The self-conscious sneering of my generation is surprisingly hypocritical. I got into an argument recently when an acquaintance posed the point that the #OWS protestors had nothing on starving African children, and that our squabbles were a First World Problem. Hell, this tack even came complete with one of those pithy cartoons, as seen right.

The thing is, the irony that this exchange took place on Facebook was not lost on me. As it stands, reminding ourselves that the world exists – and indeed, letting that reminder stand in for actual action – seems to be a favorite past time of folks my age.
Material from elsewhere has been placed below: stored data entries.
Lemma is_derive_vanishing_right (g : R -> R) t l :
  is_derive g t l -> (forall s, t <= s -> g s = 0) -> l = 0.
Proof.
  intros Hd Hz. apply is_derive_Reals in Hd.
  destruct (Req_dec l 0) as [E|E]; [exact E|exfalso].
  assert (he : 0 < Rabs l) by (apply Rabs_pos_lt, E).
  destruct (Hd (Rabs l) he) as [d Hdd].
  pose proof (cond_pos d) as hd.
  specialize (Hdd (d / 2)). rewrite !Hz in Hdd by lra.
  assert (H : Rabs ((0 - 0) / (d / 2) - l) < Rabs l).
  { apply Hdd; [lra | rewrite Rabs_pos_eq; lra]. }
  replace ((0 - 0) / (d / 2) - l) with (- l) in H by (field; lra).
  rewrite Rabs_Ropp in H. lra.
Qed.

Lemma is_RInt_plus_R (f g : R -> R) a b A B :
  is_RInt f a b A -> is_RInt g a b B -> is_RInt (fun u => f u + g u) a b (A + B).
Proof. apply (is_RInt_plus f g). Qed.

Lemma is_RInt_minus_R (f g : R -> R) a b A B :
  is_RInt f a b A -> is_RInt g a b B -> is_RInt (fun u => f u - g u) a b (A - B).
Proof. apply (is_RInt_minus f g). Qed.

Lemma is_RInt_scal_R (f : R -> R) a b c A :
  is_RInt f a b A -> is_RInt (fun u => c * f u) a b (c * A).
Proof. apply (is_RInt_scal f). Qed.

Ltac is_RInt_lincomb :=
  match goal with
  | |- is_RInt _ _ _ (_ + _) => eapply is_RInt_plus_R; [is_RInt_lincomb | is_RInt_lincomb]
  | |- is_RInt _ _ _ (_ - _) => eapply is_RInt_minus_R; [is_RInt_lincomb | is_RInt_lincomb]
  | |- is_RInt _ _ _ (_ * _) => eapply is_RInt_scal_R; is_RInt_lincomb
  | |- is_RInt _ _ _ (RInt _ _ _) => apply (RInt_correct (V := R_CompleteNormedModule))
  end.

Implicit Types (F H : R -> R -> R) (u s : R).

Section Smoothness.
Variable Om : R -> R -> Prop.
Hypothesis Om_open : open2 Om.

Lemma Cn_continuity n F u s : Cn Om n F -> Om u s -> continuity_2d_pt F u s.
Proof. destruct n as [|n]; [intros H h | intros [H _] h]; apply (H u s h). Qed.

Lemma Cn_pred n F : Cn Om (S n) F -> Cn Om n F.
Proof.
  revert F; induction n as [|n IHn]; intros F [H [HDu HDt]].
  - intros u s h; apply (H u s h).
  - split; [exact H | split; apply IHn; assumption].
Qed.

Lemma Cn_ex_derive_u n F u s : Cn Om (S n) F -> Om u s -> ex_derive (fun v => F v s) u.
Proof. intros [H _] h; apply (H u s h). Qed.

Lemma Cn_ex_derive_t n F u s : Cn Om (S n) F -> Om u s -> ex_derive (fun z => F u z) s.
Proof. intros [H _] h; apply (H u s h). Qed.

Lemma Cn_Du n F : Cn Om (S n) F -> Cn Om n (Du F).
Proof. now intros [_ [H _]]. Qed.

Lemma Cn_Dt n F : Cn Om (S n) F -> Cn Om n (Dt F).
Proof. now intros [_ [_ H]]. Qed.

Lemma open2_locally_eq F H u s : (forall a b, Om a b -> F a b = H a b) -> Om u s ->
  locally_2d (fun a b => F a b = H a b) u s.
Proof.
  intros E h. apply locally_2d_impl with (P := Om); [|now apply Om_open].
  apply locally_2d_forall. exact E.
Qed.
(* Condition D(u_n, k_n, l_n) (the l_n being existentially quantified) *)
Definition condD d (T : measurableType d) (R : realType) (P : probability T R)
  (Z : R * R -> T -> R) (A : nat -> {fset (R * R)}) (u : nat -> R)
  (k : nat -> nat) : Prop :=
  exists l : nat -> nat,
    [/\ (forall n, 0 < l n)%N, (forall n, 0 < k n)%N,
        tends_infty l, tends_infty k &
      [/\
        (fun n => (k n * l n * #|` proj1s (A n)|)%:R / (#|` A n|)%:R)
           @ \oo --> (0 : R),
        (fun n => (k n * l n * #|` proj2s (A n)|)%:R / (#|` A n|)%:R)
           @ \oo --> (0 : R) &
        (fun n => ((k n) ^ 2)%:R * alpha P Z (A n) (l n) (u n))
           @ \oo --> (0 : R)]].

From HB Require Import structures.
From mathcomp Require Import all_boot all_order all_algebra.
From mathcomp Require Import finmap.
From mathcomp Require Import all_classical all_reals all_analysis.
From mathcomp Require Import lra ring.

(* Let q_n = P(Z(x) > u_n) be the common exceedance probability and
   a = #B q_n the exceedance mass of a block B.  Bonferroni's inequalities give
   1 - a <= P(max_B Z <= u_n) <= 1 - a + b, where b sums P(Z(x) > u_n, Z(y) > u_n)
   over distinct pairs of B.  As the blocks have size ~ f(n)/k_n^2, every a is at
   most 2 f(n) q_n / k_n^2 -> 0, so 1 - a >= exp(- a - 2 a^2) and the product over
   the k_n^2 blocks lies between exp(- sum a - 2 sum a^2) and exp(- sum a + sum b).
   Now sum a -> tau because f(n) q_n is the mean number of exceedances,
   sum a^2 <= (max a) sum a -> 0, and sum b -> 0 is condition D'.  The block-product
   approximation transfers the limit exp(- tau) to the maximum over A_n. *)

Import Order.TTheory GRing.Theory Num.Theory numFieldNormedType.Exports.
Local Open Scope ring_scope.
Local Open Scope classical_set_scope.

Section real_probability.
Context d (T : measurableType d) (R : realType) (P : probability T R).

Lemma prE (A : set T) : measurable A -> P A = (pr P A)%:E.
Proof. by move=> mA; rewrite /pr fineK //; exact: fin_num_measure. Qed.

Lemma pr_ge0 (A : set T) : 0 <= pr P A.
Proof. by rewrite /pr fine_ge0. Qed.

Lemma pr_le (A B : set T) : measurable A -> measurable B -> A `<=` B ->
  pr P A <= pr P B.
Proof.
by move=> mA mB AB; rewrite -lee_fin -!prE //; apply: le_measure; rewrite ?inE.
Qed.

Lemma prT : pr P setT = 1.
Proof. by rewrite /pr probability_setT. Qed.

Lemma prD (A B : set T) : measurable A -> measurable B ->
  pr P (A `\` B) = pr P A - pr P (A `&` B).
Proof.
move=> mA mB; apply: EFin_inj; rewrite EFinB -!prE //; last exact: measurableD.
  by rewrite measureD // (le_lt_trans (probability_le1 _ mA)) // ltey.
exact: measurableI.
Qed.

Lemma prC (A : set T) : measurable A -> pr P (~` A) = 1 - pr P A.
Proof.
move=> mA; apply: EFin_inj; rewrite EFinB -!prE //; last exact: measurableC.
by rewrite probability_setC.
Qed.

End real_probability.

Section bonferroni.
Context {d : measure_display} {T : measurableType d} {R : realType}.
Context (P : probability T R) {Z : R * R -> T -> R} (u : R).
Hypothesis mZ : forall x, measurable_fun setT (Z x).

(* [max_le Z C u] for a finite set [C] is [max_le_seq C]; the list form allows
   induction. *)
Definition max_le_seq (s : seq (R * R)) : set T :=
  [set w | forall x, x \in s -> Z x w <= u].

Lemma max_le_fsetE (C : {fset (R * R)}) : max_le Z C u = max_le_seq C.
Proof. by []. Qed.

Lemma measurable_exceed x : measurable (exceed Z u x).
Proof.
have := mZ x measurableT _ (measurable_itv `]u, +oo[%R).
rewrite setTI; congr measurable; apply/seteqP; split => w /=;
  by rewrite in_itv /= andbT.
Qed.

Lemma max_le_seq_nil : max_le_seq [::] = setT.
Proof. by apply/seteqP; split => // w _ x; rewrite in_nil. Qed.

Lemma max_le_seq_cons x s :
  max_le_seq (x :: s) = max_le_seq s `\` exceed Z u x.
Proof.
apply/seteqP; split => w /=.
  move=> Zw; split; first by move=> y ys; apply: Zw; rewrite inE ys orbT.
  by rewrite /exceed /= ltNge Zw // mem_head.
move=> [Zw Zxw] y; rewrite inE => /orP [/eqP ->|]; last exact: Zw.
by rewrite leNgt; apply/negP.
Qed.

Lemma measurable_max_le_seq s : measurable (max_le_seq s).
Proof.
elim: s => [|x s IH]; first by rewrite max_le_seq_nil.
by rewrite max_le_seq_cons; exact: measurableD (measurable_exceed x).
Qed.

Lemma bonferroni_lowerI (G : set T) s : measurable G ->
  pr P G - \sum_(y <- s) pr P (G `&` exceed Z u y) <= pr P (G `&` max_le_seq s).
Proof.
move=> mG; elim: s => [|y s IH].
  by rewrite big_nil subr0 max_le_seq_nil setIT.
have mGs := measurableI _ _ mG (measurable_max_le_seq s).
rewrite max_le_seq_cons setIDA prD // ?big_cons; last exact: measurable_exceed.
suff : pr P (G `&` max_le_seq s `&` exceed Z u y) <= pr P (G `&` exceed Z u y).
  by lra.
apply: pr_le; [exact: measurableI (measurable_exceed y)..|].
by move=> w [[]].
Qed.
Like all things, there’s a website devoted to just that sort of ironic tut-tutting, not to mention a song by MC Frontalot, itself an ironic ‘nerdcore’ band.

(Y’know, white guys acting like Black musicians used to be called hipsters, but I suppose now that hipsterdom has grown a life of its own, ‘nerdcore’ needed to be coined, but I digress…)

But, really, who are we fooling? If we do anything at all – beyond, of course, sharing that photo (and that photo’s been shared some 400 times on Facebook at the time of this posting, with a commensurate number of people cooing at its wit) – it’s a token effort done more to assuage our consciences than to bridge the divide between the developed and developing worlds. Nobody is about to give up their wealth and live frugally, no matter how many people thousands of miles away are starving.

But more importantly, how do the problems of the developing world equate with ours? Should we simply stop fighting about inequity here until all problems abroad are solved? Yes, if I have a bachelor’s and live in the United States, then no matter my personal debt and current employment status, I have one up on most of the world. I’m fully aware of that. But that doesn’t pay my rent, nor does it stop the fact that a lot of this nation’s wealth is mostly hoovered up by a tiny minority of plutocrats.

I’m thankful I have the comfort and luxury of being able to sit here in my heated apartment and type out this post on my computer. I’m aware of my situation. I’m aware that there are people poorer than those protesting downtown, even inside this country. But how does that negate their message?

Where’s my poll question?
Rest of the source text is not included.